Saturday, November 10, 2012

Healthy Holiday Eating..





The holiday season is upon us.. and the smell of turkey and pie in the oven is just too much for one to resist.  The holiday season is such a challenging time for all of us.. especially if you are watching your waste line and doing so well with your diet.  There are several things that you can do before heading over to grandma's house and going wild on the appetizers and main entree.

1.  Eat before you go:   IF you can, I would eat a light healthy snack such as cut up fruits and veggies, hummus dip, maybe a smoothie or salad.  This will help fill you up a bit so you are not ravenous when you arrive. 

2.  Bring a healthy appetizer and main entree dish (just in case):  Be prepared that there will probably be some not-so-nutritious snacks and entrees at the main meal.  So I would have a back-up plan just in case.  Maybe make some yummy fruit dips, dark chocolate to keep the sweet tooth at bay.  Here are some great ideas from the blog 3 Fat Chicks on a Diet:

1. Turkey and Cheese Roll Ups

These snacks are a great source of protein and make for a nice deviation from all of the sugary treats sure to be present throughout the season. Purchase some turkey deli meat and some thinly sliced low fat cheese, such as Swiss. Roll a slice of turkey and a slice of cheese together, then cut the roll into thirds or fourths and place a toothpick in each piece. Eat a few of these filling snacks and it’ll be easier to pass up that second cookie.
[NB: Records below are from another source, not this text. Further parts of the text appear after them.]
(* Let $(S,\rightarrow)$ be a PNTS, $\phi$ a {\L}ukasiewicz modal $\mu$-calculus formula and $\rho$ an interpretation of the variables and propositional letters. Then, for all $s\in S$, \[ [\![\mathbb{P}_{\rtimes q}\phi]\!]_\rho(s)= \begin{cases} 1 & \text{if } [\![\phi]\!]_\rho (s) \rtimes q \\ 0 & \text{otherwise.}\end{cases} \]
   Context: $\mathcal{D}(S)=\{d:S\to[0,1]\mid \sum_{s\in S}d(s)=1\}$ is the set of discrete probability distributions on $S$. A probabilistic nondeterministic transition system (PNTS) is a pair $(S,\rightarrow)$ with $S$ a set of states and $\rightarrow\ \subseteq S\times\mathcal{D}(S)$. Formulas of the {\L}ukasiewicz modal $\mu$-calculus are generated by $\phi ::= X \mid P \mid \overline{P} \mid q\,\phi \mid \phi\sqcup\phi \mid \phi\sqcap\phi \mid \phi\oplus\phi \mid \phi\odot\phi \mid \Diamond\phi \mid \Box\phi \mid \mu X.\phi \mid \nu X.\phi$, with $q$ rational in $[0,1]$, $X$ a variable, $P$ a propositional letter with complement $\overline{P}$; $\underline{1}$ denotes $\nu X.X$ and $\underline{q}$ denotes $q\,\underline{1}$. An interpretation is $\rho:(\mathrm{Var}\uplus\mathrm{Prop})\to(S\to[0,1])$ with $\rho(\overline{P})(x)=1-\rho(P)(x)$. Semantics $[\![\phi]\!]_\rho:S\to[0,1]$: $[\![X]\!]_\rho=\rho(X)$, $[\![P]\!]_\rho=\rho(P)$, $[\![\overline P]\!]_\rho=1-\rho(P)$, $[\![q\,\phi]\!]_\rho(x)=q\cdot[\![\phi]\!]_\rho(x)$, $\sqcup,\sqcap$ are pointwise max/min, $[\![\phi\oplus\psi]\!]_\rho(x)=\min\{1,[\![\phi]\!]_\rho(x)+[\![\psi]\!]_\rho(x)\}$, $[\![\phi\odot\psi]\!]_\rho(x)=\max\{0,[\![\phi]\!]_\rho(x)+[\![\psi]\!]_\rho(x)-1\}$, $[\![\Diamond\phi]\!]_\rho(x)=\sup_{x\rightarrow d}\sum_{y\in S}d(y)[\![\phi]\!]_\rho(y)$, $[\![\Box\phi]\!]_\rho(x)=\inf_{x\rightarrow d}\sum_{y\in S}d(y)[\![\phi]\!]_\rho(y)$ (the empty sup is $0$, the empty inf is $1$), and $\mu X.\phi$, $\nu X.\phi$ denote the least and greatest fixed points of $f\mapsto[\![\phi]\!]_{\rho[f/X]}$. Threshold modalities: $\mathbb{P}_{>0}\phi=\mu Y.(Y\oplus\phi)$, $\mathbb{P}_{=1}\phi=\nu Y.(Y\odot\phi)$, and for $r\in(0,1)$, $\mathbb{P}_{>r}\phi=\mathbb{P}_{>0}(\phi\odot\underline{1-r})$, $\mathbb{P}_{\geq r}\phi=\mathbb{P}_{=1}(\phi\oplus\underline{1-r})$, where $Y$ does not occur in $\phi$; $\mathbb{P}_{\rtimes q}$ denotes any of these four, with $\rtimes q$ the corresponding condition $>0$, $=1$, $>r$, $\geq r$. *)

From HB Require Import structures.
From mathcomp Require Import all_boot all_order all_algebra.
From mathcomp Require Import boolp classical_sets reals constructive_ereal ereal esum.
Set Implicit Arguments. Unset Strict Implicit. Unset Printing Implicit Defensive.
Import Order.TTheory GRing.Theory Num.Theory.
Local Open Scope classical_set_scope.
Local Open Scope ring_scope.

Inductive formula : Type :=
| FVar  of nat
| FProp of nat
| FNProp of nat
| FScale of rat & formula
| FMax  of formula & formula
| FMin  of formula & formula
| FOplus of formula & formula
| FOdot of formula & formula
| FDia  of formula
| FBox  of formula
| FMu   of nat & formula
| FNu   of nat & formula.

Fixpoint wf_formula (f : formula) : Prop :=
  match f with
  | FVar _ | FProp _ | FNProp _ => True
  | FScale q g => (0 <= q <= 1)%R /\ wf_formula g
  | FMax g h | FMin g h | FOplus g h | FOdot g h => wf_formula g /\ wf_formula h
  | FDia g | FBox g => wf_formula g
  | FMu _ g | FNu _ g => wf_formula g
  end.

Fixpoint occurs (Y : nat) (f : formula) : Prop :=
  match f with
  | FVar X => X = Y
  | FProp _ | FNProp _ => False
  | FScale _ g => occurs Y g
  | FMax g h | FMin g h | FOplus g h | FOdot g h => occurs Y g \/ occurs Y h
  | FDia g | FBox g => occurs Y g
  | FMu X g | FNu X g => X = Y \/ occurs Y g
  end.

Section Semantics.
Variables (R : realType) (S : choiceType).

Definition is_distr (d : S -> R) : Prop :=
  (forall s, 0 <= d s <= 1) /\ (\esum_(s in [set: S]) (d s)%:E = 1)%E.

Definition is_pnts (trans : S -> (S -> R) -> Prop) : Prop :=
  forall x d, trans x d -> is_distr d.

Definition unit_fun (g : S -> R) : Prop := forall s, 0 <= g s <= 1.

Definition expect (d f : S -> R) : R :=
  fine (\esum_(y in [set: S]) (d y * f y)%:E).

(* least / greatest fixed points of F on the complete lattice S -> [0,1]
   (Knaster-Tarski: meet of prefixed points / join of postfixed points) *)
Definition lfp (F : (S -> R) -> (S -> R)) : S -> R := fun x =>
  inf [set g x | g in [set g | unit_fun g /\ (forall y, F g y <= g y)]].
Definition gfp (F : (S -> R) -> (S -> R)) : S -> R := fun x =>
  sup [set g x | g in [set g | unit_fun g /\ (forall y, g y <= F g y)]].

Definition upd (rho : nat -> S -> R) (X : nat) (g : S -> R) : nat -> S -> R :=
  fun Z => if Z == X then g else rho Z.

Variable trans : S -> (S -> R) -> Prop.

Definition dia (f : S -> R) : S -> R := fun x =>
  if `[< exists d, trans x d >] then sup [set expect d f | d in trans x] else 0.
Definition box (f : S -> R) : S -> R := fun x =>
  if `[< exists d, trans x d >] then inf [set expect d f | d in trans x] else 1.

Fixpoint sem (f : formula) (rhov rhop : nat -> S -> R) : S -> R :=
  match f with
  | FVar X => rhov X
  | FProp P => rhop P
  | FNProp P => fun x => 1 - rhop P x
  | FScale q g => fun x => ratr q * sem g rhov rhop x
  | FMax g h => fun x => Num.max (sem g rhov rhop x) (sem h rhov rhop x)
  | FMin g h => fun x => Num.min (sem g rhov rhop x) (sem h rhov rhop x)
  | FOplus g h => fun x => Num.min 1 (sem g rhov rhop x + sem h rhov rhop x)
  | FOdot g h => fun x => Num.max 0 (sem g rhov rhop x + sem h rhov rhop x - 1)
  | FDia g => dia (sem g rhov rhop)
  | FBox g => box (sem g rhov rhop)
  | FMu X g => lfp (fun v => sem g (upd rhov X v) rhop)
  | FNu X g => gfp (fun v => sem g (upd rhov X v) rhop)
  end.

End Semantics.

Definition fone : formula := FNu 0 (FVar 0).
Definition fconst (q : rat) : formula := FScale q fone.

Inductive threshold : Type :=
| ThGt0 | ThEq1 | ThGt of rat | ThGe of rat.

Definition wf_threshold (t : threshold) : Prop :=
  match t with
  | ThGt0 | ThEq1 => True
  | ThGt r | ThGe r => (0 < r < 1)%R
  end.

Definition PGt0 (Y : nat) (f : formula) : formula := FMu Y (FOplus (FVar Y) f).
Definition PEq1 (Y : nat) (f : formula) : formula := FNu Y (FOdot (FVar Y) f).

Definition thr_formula (t : threshold) (Y : nat) (f : formula) : formula :=
  match t with
  | ThGt0 => PGt0 Y f
  | ThEq1 => PEq1 Y f
  | ThGt r => PGt0 Y (FOdot f (fconst (1 - r)))
  | ThGe r => PEq1 Y (FOplus f (fconst (1 - r)))
  end.

Definition thr_holds {R : realType} (t : threshold) (v : R) : bool :=
  match t with
  | ThGt0 => 0 < v
  | ThEq1 => v == 1
  | ThGt r => ratr r < v
  | ThGe r => ratr r <= v
  end.

From HB Require Import structures.
From mathcomp Require Import all_boot all_order all_algebra.
From mathcomp Require Import boolp classical_sets reals constructive_ereal ereal esum.
From mathcomp Require Import lra.
Set Implicit Arguments. Unset Strict Implicit. Unset Printing Implicit Defensive.
Import Order.TTheory GRing.Theory Num.Theory.
Local Open Scope classical_set_scope.
Local Open Scope ring_scope.

(* The pre-fixed points g of g |-> g ⊕ a with values in [0,1] satisfy g s = 1
   wherever a s > 0, and the indicator of {a > 0} is one of them, so it is the
   least fixed point. Dually, the post-fixed points of g |-> g ⊙ a vanish
   wherever a s < 1 and the indicator of {a = 1} is one of them. Since the
   semantics takes values in [0,1], this settles P>0 and P=1; the other two
   thresholds reduce to these because φ ⊙ (1-r) > 0 iff φ > r and
   φ ⊕ (1-r) = 1 iff φ >= r. *)

(* [occurs] also counts binders, and [fconst] binds the variable 0, so
   [~ occurs Y] does not survive the shift by [fconst (1 - r)]. *)
Fixpoint free_in (Y : nat) (f : formula) : Prop :=
  match f with
  | FVar X => X = Y
  | FProp _ | FNProp _ => False
  | FScale _ g => free_in Y g
  | FMax g h | FMin g h | FOplus g h | FOdot g h => free_in Y g \/ free_in Y h
  | FDia g | FBox g => free_in Y g
  | FMu X g | FNu X g => X <> Y /\ free_in Y g
  end.

Lemma occurs_free_in Y f : free_in Y f -> occurs Y f.
Proof. by elim: f => //=; tauto. Qed.

Section RealBounds.
Variable R : realType.

Lemma sup_eq_max (E : set R) c : E c -> (forall x, E x -> x <= c) -> sup E = c.
Proof.
move=> Ec ub; apply/le_anti/andP; split.
- by apply: ge_sup; [exists c|].
- by apply: (ub_le_sup _ Ec); exists c.
Qed.

Lemma inf_eq_min (E : set R) c : E c -> (forall x, E x -> c <= x) -> inf E = c.
Proof.
move=> Ec lb; apply/le_anti/andP; split.
- by apply: (ge_inf _ Ec); exists c.
- by apply: lb_le_inf; [exists c|].
Qed.

Lemma sup_in01 (E : set R) : E !=set0 -> (forall x, E x -> 0 <= x <= 1) ->
  0 <= sup E <= 1.
Proof.
move=> [c Ec] E01; have /andP[c0 _] := E01 _ Ec; apply/andP; split.
- by apply: le_trans c0 (ub_le_sup _ Ec); exists 1 => x /E01 /andP[].
- by apply: ge_sup; [exists c|move=> x /E01 /andP[]].
Qed.

Lemma inf_in01 (E : set R) : E !=set0 -> (forall x, E x -> 0 <= x <= 1) ->
  0 <= inf E <= 1.
Proof.
move=> [c Ec] E01; have /andP[_ c1] := E01 _ Ec; apply/andP; split.
- by apply: lb_le_inf; [exists c|move=> x /E01 /andP[]].
- by apply: le_trans (ge_inf _ Ec) c1; exists 0 => x /E01 /andP[].
Qed.

End RealBounds.

Section Semantics.
Variables (R : realType) (S : choiceType) (trans : S -> (S -> R) -> Prop).
Implicit Types (rhov rhop : nat -> S -> R) (a g v : S -> R).

Lemma upd_same rhov X g : upd rhov X g X = g.
Proof. by rewrite /upd eqxx. Qed.

Lemma upd_upd_same rhov X g h : upd (upd rhov X g) X h = upd rhov X h.
Proof. by apply: funext => Z; rewrite /upd; case: eqP. Qed.

Lemma upd_comm rhov X Y g h : X <> Y ->
  upd (upd rhov Y g) X h = upd (upd rhov X h) Y g.
Proof. by move=> XY; apply: funext => Z; rewrite /upd; do 2!case: eqP => // ->. Qed.

Lemma sem_upd_not_free rhop f : forall rhov Y v, ~ free_in Y f ->
  sem trans f (upd rhov Y v) rhop = sem trans f rhov rhop.
Proof.
elim: f => //= [X|q g IH|g IHg h IHh|g IHg h IHh|g IHg h IHh|g IHg h IHh
  |g IH|g IH|X g IH|X g IH] rhov Y v nfree.
- by rewrite /upd; case: eqP.
- by rewrite IH.
- by rewrite IHg ?IHh //; tauto.
- by rewrite IHg ?IHh //; tauto.
- by rewrite IHg ?IHh //; tauto.
- by rewrite IHg ?IHh //; tauto.
- by rewrite IH.
- by rewrite IH.
- congr lfp; apply: funext => w; have [->|/eqP XY] := eqVneq X Y.
    by rewrite upd_upd_same.
  by rewrite upd_comm // IH //; tauto.
- congr gfp; apply: funext => w; have [->|/eqP XY] := eqVneq X Y.
    by rewrite upd_upd_same.
  by rewrite upd_comm // IH //; tauto.
Qed.

Lemma unit_fun_upd rhov X g : (forall Z, unit_fun (rhov Z)) -> unit_fun g ->
  forall Z, unit_fun (upd rhov X g Z).
Proof. by move=> rho01 g01 Z; rewrite /upd; case: eqP. Qed.

Lemma unit_fun0 : unit_fun (fun _ : S => 0 : R).
Proof. by move=> ?; rewrite lexx ler01. Qed.

Lemma unit_fun1 : unit_fun (fun _ : S => 1 : R).
Proof. by move=> ?; rewrite lexx ler01. Qed.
2. Hummus, Pita Chip and Vegetable Tray

Skip the mayonnaise-based dips and opt for hummus instead. While still high in fat content, hummus is high in fiber and protein. It tastes great with pita chips and is an especially effective snack when consumed on vegetables like carrot and celery sticks. You can make your own or purchase some in the store. For simplicity’s sake, buy a small container of hummus.

4. Dark Chocolate Dipped Strawberries

It’s no wonder this snack is always mentioned as a healthy option for a dessert treat in fitness magazines and health cookbooks. Strawberries are loaded with vitamin C and antioxidants. They’re sweet enough to eat on their own, but around the holidays there’s no shame in dipping them in some dark chocolate for an extra tasty treat. Melt some dark chocolate in a pan over the stove (this will work best if you place the pan with the chocolate within a pot of boiling water). Dip the strawberries in, and then place them on some wax paper in the fridge to harden for several hours.
The best strategy for snacking in the holiday season is to make you calories count. Make sure whatever you eat has at lease some nutritional value.

3.  Healthy snacks for the road or while in the air:
Consider packing healthy bars, crackers, and nuts in a tupperware container.  Or consider these portion control bowls


Or if you are driving.. bring a cooler full of healthy drinks and sandwiches.  This way you will not have to stop through the old drive-thru at your favorite fast food joint or rely on a gas station with high calorie over processed snacks. 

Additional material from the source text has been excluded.